▸ **Description of the task**: Within these records, how many lines hold "finite"? Give the number alone.

————

(* Let $X$ be a nonempty finite set and let $NG$ be an NG-group on $X$. Then the directed multigraph $(NG)_{dig}$ is not strongly connected.
   Context: An NG-group on a set $X$ is a set of maps $X \to X$ that forms a group under composition of functions and is not contained in the symmetric group $\mathrm{Sym}(X)$. The directed multigraph $(NG)_{dig}$ has vertex set $X$. For every $f \in NG$ and every $x \in X$ there is one arc from $x$ to $f(x)$. A digraph is strongly connected if for every ordered pair of vertices $(u, v)$ there is a directed path from $u$ to $v$. *)

From mathcomp Require Import all_boot.
Set Implicit Arguments. Unset Strict Implicit. Unset Printing Implicit Defensive.

Definition fcomp (X : finType) (f g : {ffun X -> X}) : {ffun X -> X} :=
  [ffun x => f (g x)].

Definition is_group_of_maps (X : finType) (G : {set {ffun X -> X}}) : Prop :=
  (forall f g, f \in G -> g \in G -> fcomp f g \in G) /\
  exists2 e, e \in G &
    (forall f, f \in G -> fcomp e f = f /\ fcomp f e = f) /\
    (forall f, f \in G -> exists2 g, g \in G & fcomp f g = e /\ fcomp g f = e).

Definition not_in_Sym (X : finType) (G : {set {ffun X -> X}}) : Prop :=
  exists2 f, f \in G & ~ bijective f.

Definition NG_group (X : finType) (G : {set {ffun X -> X}}) : Prop :=
  is_group_of_maps G /\ not_in_Sym G.

(* Arc relation of (NG)_dig: an arc x -> f x for each f in G (multiplicities
   are irrelevant for reachability). *)
Definition dig_rel (X : finType) (G : {set {ffun X -> X}}) : rel X :=
  fun x y => [exists f in G, f x == y].

Definition strongly_connected (X : finType) (e : rel X) : Prop :=
  forall u v : X, connect e u v.

From mathcomp Require Import all_boot.
Set Implicit Arguments. Unset Strict Implicit. Unset Printing Implicit Defensive.

(* Every member g of an NG-group factors as g = e g = f (h g) through any
   member f with inverse h, so all arcs of (NG)_dig end in the image of f.
   Taking f non-bijective, hence non-surjective since X is finite, a vertex u
   outside that image has no incoming arc, so u is unreachable from f u. *)

Lemma codom_total_bij (T : finType) (f : T -> T) :
  (forall y, y \in codom f) -> bijective f.
Proof.
move=> onto; apply: injF_bij; apply: in2T; apply/image_injP.
by apply/eqP/eq_card => y; rewrite onto.
Qed.

Lemma not_bij_codom (T : finType) (f : T -> T) :
  ~ bijective f -> exists u, u \notin codom f.
Proof.
move=> nbij; have [/existsP // | /existsPn onto] := boolP [exists u, u \notin codom f].
by case: nbij; apply: codom_total_bij => y; rewrite -[_ \in _]negbK onto.
Qed.

Lemma group_of_maps_codom (X : finType) (G : {set {ffun X -> X}}) f g x :
  is_group_of_maps G -> f \in G -> g \in G -> g x \in codom f.
Proof.
move=> [_ [e _ [eid einv]]] fG gG.
have [h _ [fh _]] := einv f fG; have [eg _] := eid g gG.
by apply/codomP; exists (h (g x)); rewrite -{1}eg -fh !ffunE.
Qed.

Lemma connect_to_notin (T : finType) (e : rel T) (A : {pred T}) v u :
  (forall x y, e x y -> y \in A) -> u \notin A -> connect e v u -> v = u.
Proof.
move=> arcA uA /connectP[p]; case/lastP: p => [_ -> // | p y].
rewrite rcons_path last_rcons => /andP[_ /arcA yA] uy.
by rewrite uy yA in uA.
Qed.

Theorem mainTheorem5 (X : finType) (G : {set {ffun X -> X}}) :
  0 < #|X| -> NG_group G -> ~ strongly_connected (dig_rel G).
Proof.
move=> _ [grG [f fG nbij]] sc.
have [u uf] := not_bij_codom nbij.
have arcs_in_codom x y : dig_rel G x y -> y \in codom f.
  by case/existsP=> g /andP[gG /eqP <-]; exact: group_of_maps_codom grG fG gG.
have fuu := connect_to_notin arcs_in_codom uf (sc (f u) u).
by rewrite -fuu codom_f in uf.
Qed.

————

▸ **Result of this exercise**: 2